426 Thomas Boylston Adams to Abigail Adams, 19 October 1800 Adams, Thomas Boylston Adams, Abigail
Thomas Boylston Adams to Abigail Adams
Dear Mother. Sunday 19th: October 1800.

I have received your favors of the 10th: & 12th: instts: and am highly gratified by their contents; excepting the bill of health, which is less cheering than I could wish it might have been. I have been so occupied with attendance upon Courts and writing to my correspondents in Europe, during the last ten days, that I have not found time to write you; & the expectation of William’s departure before my letter could reach him, prevented my answering his last letters to me.1 He has sent me a list of some books, which have been packed up for me— I want some more than his list contains, particularly a sett of Livy, which you may possibly find room to bring on with you.

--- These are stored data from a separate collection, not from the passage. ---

(* Let $d,w \ge 1$ be integers and let $h_1,\dots,h_d$ be fixed functions from the item universe $\mathcal{U}$ to $\{1,\dots,w\}$. Let $\sigma_1$ and $\sigma_2$ be two finite streams of occurrences of items of $\mathcal{U}$, each occurrence carrying a positive real (decayed) weight, and let $\sigma=\sigma_1\sigma_2$ be their concatenation. For a stream $\tau$ and a cell $(i,j)$ with $1\le i\le d$, $1\le j\le w$, let $\tau^{(i,j)}$ be the sub-stream of occurrences of items $e$ with $h_i(e)=j$, let $f_{\tau^{(i,j)}}(e)$ be the sum of the weights of the occurrences of $e$ in $\tau^{(i,j)}$, and let $|\tau^{(i,j)}|=\sum_e f_{\tau^{(i,j)}}(e)$ be its total decayed count. Call a two-counter summary $\mathcal{S}=(\Sigma,\hat f_{\mathcal{S}})$ (a set $\Sigma$ of at most $2$ monitored items with estimates $\hat f_{\mathcal{S}}(e)>0$, $e\in\Sigma$; let $\hat f^{min}_{\mathcal{S}}=\min_{e\in\Sigma}\hat f_{\mathcal{S}}(e)$ if $|\Sigma|=2$ and $\hat f^{min}_{\mathcal{S}}=0$ if $|\Sigma|<2$; let $|\mathcal{S}|=\sum_{e\in\Sigma}\hat f_{\mathcal{S}}(e)$) \emph{valid} for a weighted stream $\tau$ with decayed frequencies $f_\tau$ if: (i) $|\mathcal{S}|=|\tau|$; (ii) $\hat f_{\mathcal{S}}(e)-\hat f^{min}_{\mathcal{S}}\le f_\tau(e)\le \hat f_{\mathcal{S}}(e)$ for every $e\in\Sigma$; (iii) $f_\tau(e)\le \hat f^{min}_{\mathcal{S}}$ for every item $e\notin\Sigma$; (iv) $\hat f^{min}_{\mathcal{S}}\le |\tau|/2$. Suppose $D_1$ and $D_2$ are $d\times w$ sketches such that, for every cell $(i,j)$, $D_1[i][j]=\mathcal{S}_1=(\Sigma_1,\hat f_{\mathcal{S}_1})$ is a two-counter summary valid for $\sigma_1^{(i,j)}$ and $D_2[i][j]=\mathcal{S}_2=(\Sigma_2,\hat f_{\mathcal{S}_2})$ is a two-counter summary valid for $\sigma_2^{(i,j)}$. Define the merged sketch $G$ cell by cell as follows: form the combined summary $\mathcal{S}_C$ on $\Sigma_C=\Sigma_1\cup\Sigma_2$ by $\hat f_{\mathcal{S}_C}(e)=\hat f_{\mathcal{S}_1}(e)+\hat f_{\mathcal{S}_2}(e)$ for $e\in\Sigma_1\cap\Sigma_2$, $\hat f_{\mathcal{S}_C}(e)=\hat f_{\mathcal{S}_1}(e)+\hat f^{min}_{\mathcal{S}_2}$ for $e\in\Sigma_1\setminus\Sigma_2$, $\hat f_{\mathcal{S}_C}(e)=\hat f_{\mathcal{S}_2}(e)+\hat f^{min}_{\mathcal{S}_1}$ for $e\in\Sigma_2\setminus\Sigma_1$; then, if $|\Sigma_C|>2$, let $G[i][j]=\mathcal{S}_M$ retain only the $2$ items of $\Sigma_C$ with the greatest values of $\hat f_{\mathcal{S}_C}$ (with those values), and otherwise let $G[i][j]=\mathcal{S}_M=\mathcal{S}_C$. Then for every cell $(i,j)$, the merged summary $G[i][j]$ is a two-counter summary valid for $\sigma^{(i,j)}$; in particular the sum of its counters equals the total decayed count $|\sigma^{(i,j)}|=|\sigma_1^{(i,j)}|+|\sigma_2^{(i,j)}|$ of the items of $\sigma$ mapped to that cell.
   Context: This is the merge operation of PFDCMSS, a parallel algorithm for time-faded heavy hitters. Each stream occurrence of an item $v$ with timestamp $t_v$ carries a (non-normalized forward) decayed weight $g(t_v-L)$ for a positive monotone non-decreasing function $g$ and landmark time $L$; only positivity of the weights matters here. An FDCMSS sketch is a $d\times w$ array, each cell of which holds a Space Saving summary with exactly two counters (a counter with value $0$ monitors no item), maintaining the items mapped to that cell by the row hash function $h_i$. Property (i) (''1-norm equivalence'') says the counters in a cell sum to the same value a Count--Min sketch counter for that cell would hold. *)

From HB Require Import structures.
From mathcomp Require Import all_boot all_order all_algebra.
Set Implicit Arguments. Unset Strict Implicit. Unset Printing Implicit Defensive.
Import Order.TTheory GRing.Theory Num.Theory.
Local Open Scope ring_scope.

I am quite provoked sometimes, when I think how improvident I was, not to retain a great proportion of the Books that were here last winter— There was the Encyclopedia—Postlethwaite’s Dictionary & a variety of useful books, which will never be touched at Quincy, and which I would gladly have purchased at prime cost; but on my return from my journey in the Spring, they were all packed up & sent off, and among them many books really my own—2 When I go to Quincy in person I shall lay violent hands upon them.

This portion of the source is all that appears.